Ложки дырчатые, навроде вил, у всех гладкие, из олова - а у Согерда с мамашей золотые. И каждый штырь завитком идет. Можно намазать приворотное по завитухам, на золоте зелье незаметно. Одно плохо, много не намажешь, так что меру приворотного придется давать не сразу, а в несколько разов. Потом.
- А потом, - перебила меня Морислана. - Надо завести его в храм Киримети прежде, чем Ерислана заметит случившееся. В этом главная трудность. Я поняла. Что ж. Верч Медведа из тутешей, и Согерд по отцу верует в Кириметь. А великая богиня-кормилица разрешает супругам порушить семью, только если этого желает жена. Это в тутешской вере мне нравиться больше всего.
Она выпрямилась, поморщилась, потерла правый бок.
- Ещё нужно найти человека, который намажет вилцы наследника приворотным зельем. Ну а прочее по ходу дела. Неплохо. Весьма неплохо. Ступай.
Морислана махнула рукой, высылая меня из горницы. Но я не пошевелилась.
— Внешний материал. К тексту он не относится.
Lemma ImM_real (r : R) (z : R[i]) : Im (r%:C * z) = r * Im z.
Proof. by case: z => a b /=; ring. Qed.

Lemma Re_alphaF k (P : {poly R[i]}) :
  Re (alphaF V k P) = weight_int ('X^k * map_poly Re P).
Proof.
apply: eq_Rintegral => x _.
rewrite -rmorphXn -rmorphM ReM_real (map_poly_horner_real ReM_real).
by rewrite hornerM hornerXn mulrA.
Qed.

Lemma Im_alphaF k (P : {poly R[i]}) :
  Im (alphaF V k P) = weight_int ('X^k * map_poly Im P).
Proof.
apply: eq_Rintegral => x _.
rewrite -rmorphXn -rmorphM ImM_real (map_poly_horner_real ImM_real).
by rewrite hornerM hornerXn mulrA.
Qed.

Lemma alphaF_orthogonal_eq0 (P : {poly R[i]}) (m : nat) : (size P <= m)%N ->
  (forall k, (k < m)%N -> alphaF V k P = 0) -> P = 0.
Proof.
move=> sP P_orth.
have part_eq0 (f : {additive R[i] -> R}) :
    (forall k, weight_int ('X^k * map_poly f P) = f (alphaF V k P)) ->
    map_poly f P = 0.
  move=> f_alpha; apply: (weight_int_orthogonal_eq0 (m := m)).
    exact: leq_trans (size_poly _ _) sP.
  by move=> k k_lt; rewrite f_alpha P_orth ?raddf0.
have ReP0 := part_eq0 _ (fun k => esym (Re_alphaF k P)).
have ImP0 := part_eq0 _ (fun k => esym (Im_alphaF k P)).
apply/polyP => i; have := congr1 (coefp i) ReP0; have := congr1 (coefp i) ImP0.
by rewrite /= !coef_map !coef0; case: (P`_i) => a b /= -> ->.
Qed.

End Weight.

Lemma betaF0 (R : realType) (V : {poly R}) k : betaF V k 0 = 0.
Proof.
have ray0 c : ray_int c (fun z => cexp (- (cV V).[z]) * (0 : {poly R[i]}).[z]) = 0.
  rewrite (_ : (fun z => _) = fun _ => 0); last first.
    by apply: funext => z; rewrite horner0 mulr0.
  by rewrite /ray_int /cint !Rintegral_cst //= !mul0r mulr0.
by rewrite /betaF /Gamma_int !ray0 subrr mulr0.
Qed.

Theorem mainTheorem11 (R : realType) (V : {poly R}) (n j : nat) :
  (2 <= degV V)%N -> ~~ odd (degV V) -> 0 < lead_coef V ->
  (1 <= j <= degV V - 1)%N ->
  forall P : {poly R[i]}, is_Rnj V n j P ->
  (2 * n <= (size P).-1 <= 2 * n + degV V - 2)%N.
Proof.
move=> D_ge2 D_even lcV_gt0 j_range P [sP P_alpha P_beta].
apply/andP; split; last by move: sP D_ge2; lia.
rewrite leqNgt; apply/negP => small_deg.
have P0 : P = 0.
  by apply: (alphaF_orthogonal_eq0 D_ge2 D_even lcV_gt0 (m := 2 * n)) => //; lia.
by move: (P_beta j j_range); rewrite eqxx P0 betaF0 => /eqP; rewrite eq_sym oner_eq0.
Qed.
- Перед пиром вы обещали назвать имя моего отца, если все пройдет хорошо.
Морислана опять сморщилась, да так, что на лбу появилась непривычная для неё морщина.
- Быстро просишь. Пока что вся твоя служба - нарядилась госпожой да посидела за господским столом.
- Я туда не рвалась. - Напомнила я. Без угрозы, но и без угодства.
- А вы обещали, что скажете имя.
- В обмен на преданность. - Госпожа матушка качнула головой. - Но не в обмен на сиденье на пиру.